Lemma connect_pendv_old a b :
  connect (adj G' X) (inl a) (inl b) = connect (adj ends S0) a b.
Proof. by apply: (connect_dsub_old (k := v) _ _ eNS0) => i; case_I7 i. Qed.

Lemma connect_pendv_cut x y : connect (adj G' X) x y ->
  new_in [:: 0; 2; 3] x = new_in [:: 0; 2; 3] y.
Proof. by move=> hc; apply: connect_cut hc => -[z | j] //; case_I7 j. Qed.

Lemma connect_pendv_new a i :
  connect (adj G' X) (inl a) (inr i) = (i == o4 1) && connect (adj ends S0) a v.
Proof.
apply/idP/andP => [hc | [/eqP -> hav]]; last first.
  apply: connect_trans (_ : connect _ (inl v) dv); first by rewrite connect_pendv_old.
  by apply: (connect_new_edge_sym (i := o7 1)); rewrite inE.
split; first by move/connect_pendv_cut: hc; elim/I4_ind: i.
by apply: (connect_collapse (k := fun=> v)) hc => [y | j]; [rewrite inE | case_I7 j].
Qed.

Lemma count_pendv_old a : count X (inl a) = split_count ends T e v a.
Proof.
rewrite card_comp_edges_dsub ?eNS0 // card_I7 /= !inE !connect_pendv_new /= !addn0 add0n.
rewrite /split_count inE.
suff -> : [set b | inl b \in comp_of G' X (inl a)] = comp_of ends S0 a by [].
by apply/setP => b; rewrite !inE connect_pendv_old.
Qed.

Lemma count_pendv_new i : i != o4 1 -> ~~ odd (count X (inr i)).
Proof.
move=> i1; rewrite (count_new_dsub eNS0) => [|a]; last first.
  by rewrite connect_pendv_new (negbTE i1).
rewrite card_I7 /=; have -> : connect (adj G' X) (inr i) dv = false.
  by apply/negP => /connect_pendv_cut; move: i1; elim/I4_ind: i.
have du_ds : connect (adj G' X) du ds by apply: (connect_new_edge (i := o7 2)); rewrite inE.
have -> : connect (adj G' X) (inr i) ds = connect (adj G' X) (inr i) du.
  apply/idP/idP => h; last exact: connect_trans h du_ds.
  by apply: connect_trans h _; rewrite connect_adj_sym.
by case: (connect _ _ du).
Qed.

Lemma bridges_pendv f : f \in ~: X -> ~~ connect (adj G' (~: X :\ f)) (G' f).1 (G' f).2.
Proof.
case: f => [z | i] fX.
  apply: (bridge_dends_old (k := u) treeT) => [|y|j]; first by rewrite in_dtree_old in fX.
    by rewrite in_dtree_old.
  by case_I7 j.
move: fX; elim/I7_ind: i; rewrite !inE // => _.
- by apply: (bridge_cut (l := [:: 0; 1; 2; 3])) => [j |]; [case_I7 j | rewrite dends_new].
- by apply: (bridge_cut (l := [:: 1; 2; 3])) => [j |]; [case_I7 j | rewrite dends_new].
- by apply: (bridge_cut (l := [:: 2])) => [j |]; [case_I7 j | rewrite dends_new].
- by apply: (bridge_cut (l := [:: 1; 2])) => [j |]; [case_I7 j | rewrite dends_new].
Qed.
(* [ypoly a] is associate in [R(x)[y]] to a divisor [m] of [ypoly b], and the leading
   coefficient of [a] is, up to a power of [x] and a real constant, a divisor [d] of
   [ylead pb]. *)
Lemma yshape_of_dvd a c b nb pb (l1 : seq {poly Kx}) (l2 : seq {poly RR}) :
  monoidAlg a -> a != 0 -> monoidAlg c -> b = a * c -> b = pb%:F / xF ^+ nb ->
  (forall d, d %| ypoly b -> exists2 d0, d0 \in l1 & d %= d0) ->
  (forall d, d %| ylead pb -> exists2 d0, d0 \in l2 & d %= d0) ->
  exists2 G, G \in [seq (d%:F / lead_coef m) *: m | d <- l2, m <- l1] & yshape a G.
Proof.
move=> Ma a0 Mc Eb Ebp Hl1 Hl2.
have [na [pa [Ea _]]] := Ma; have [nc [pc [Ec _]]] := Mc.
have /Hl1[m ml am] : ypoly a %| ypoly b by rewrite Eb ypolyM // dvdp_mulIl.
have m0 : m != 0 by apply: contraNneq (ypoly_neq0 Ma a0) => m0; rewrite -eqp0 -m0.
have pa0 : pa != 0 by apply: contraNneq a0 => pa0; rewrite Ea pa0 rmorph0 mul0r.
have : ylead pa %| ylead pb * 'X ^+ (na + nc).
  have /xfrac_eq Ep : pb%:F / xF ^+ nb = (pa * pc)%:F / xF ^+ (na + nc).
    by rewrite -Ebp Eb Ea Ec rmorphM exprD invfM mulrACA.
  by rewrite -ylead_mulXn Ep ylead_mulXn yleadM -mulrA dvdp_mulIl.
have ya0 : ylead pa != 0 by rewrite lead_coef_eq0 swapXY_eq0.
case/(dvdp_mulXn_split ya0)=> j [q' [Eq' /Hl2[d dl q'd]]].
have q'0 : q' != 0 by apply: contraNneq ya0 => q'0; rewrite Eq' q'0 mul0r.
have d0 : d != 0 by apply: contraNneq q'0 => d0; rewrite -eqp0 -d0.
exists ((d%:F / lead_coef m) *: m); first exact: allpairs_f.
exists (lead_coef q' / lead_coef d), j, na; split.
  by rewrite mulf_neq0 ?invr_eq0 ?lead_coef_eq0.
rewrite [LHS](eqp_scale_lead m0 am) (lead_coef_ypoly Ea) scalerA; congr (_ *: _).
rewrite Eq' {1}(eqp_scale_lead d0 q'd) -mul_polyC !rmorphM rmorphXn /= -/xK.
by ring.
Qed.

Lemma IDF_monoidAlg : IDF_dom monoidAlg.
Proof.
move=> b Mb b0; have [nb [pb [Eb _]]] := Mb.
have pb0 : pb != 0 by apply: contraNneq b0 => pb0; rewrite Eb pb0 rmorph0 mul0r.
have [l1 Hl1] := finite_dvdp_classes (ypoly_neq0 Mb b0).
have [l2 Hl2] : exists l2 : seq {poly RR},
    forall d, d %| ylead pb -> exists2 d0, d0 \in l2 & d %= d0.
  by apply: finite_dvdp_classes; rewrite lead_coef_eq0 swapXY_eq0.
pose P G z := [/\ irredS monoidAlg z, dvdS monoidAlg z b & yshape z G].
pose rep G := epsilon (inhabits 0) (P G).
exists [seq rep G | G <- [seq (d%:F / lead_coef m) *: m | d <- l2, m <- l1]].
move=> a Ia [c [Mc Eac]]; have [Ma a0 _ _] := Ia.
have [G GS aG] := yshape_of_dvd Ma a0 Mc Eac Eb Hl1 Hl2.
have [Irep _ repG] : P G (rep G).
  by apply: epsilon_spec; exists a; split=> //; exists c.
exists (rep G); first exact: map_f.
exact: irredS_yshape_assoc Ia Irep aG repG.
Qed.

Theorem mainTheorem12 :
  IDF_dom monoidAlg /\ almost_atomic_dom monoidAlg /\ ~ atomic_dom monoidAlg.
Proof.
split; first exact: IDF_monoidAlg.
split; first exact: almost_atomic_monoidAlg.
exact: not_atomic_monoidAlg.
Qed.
_____
**PROBLEM REQUIREMENTS:** Check each line above for "forall" and return the ones that have it.

**YOUR RESPONSE:**
  (forall d, d %| ypoly b -> exists2 d0, d0 \in l1 & d %= d0) ->
  (forall d, d %| ylead pb -> exists2 d0, d0 \in l2 & d %= d0) ->
    forall d, d %| ylead pb -> exists2 d0, d0 \in l2 & d %= d0.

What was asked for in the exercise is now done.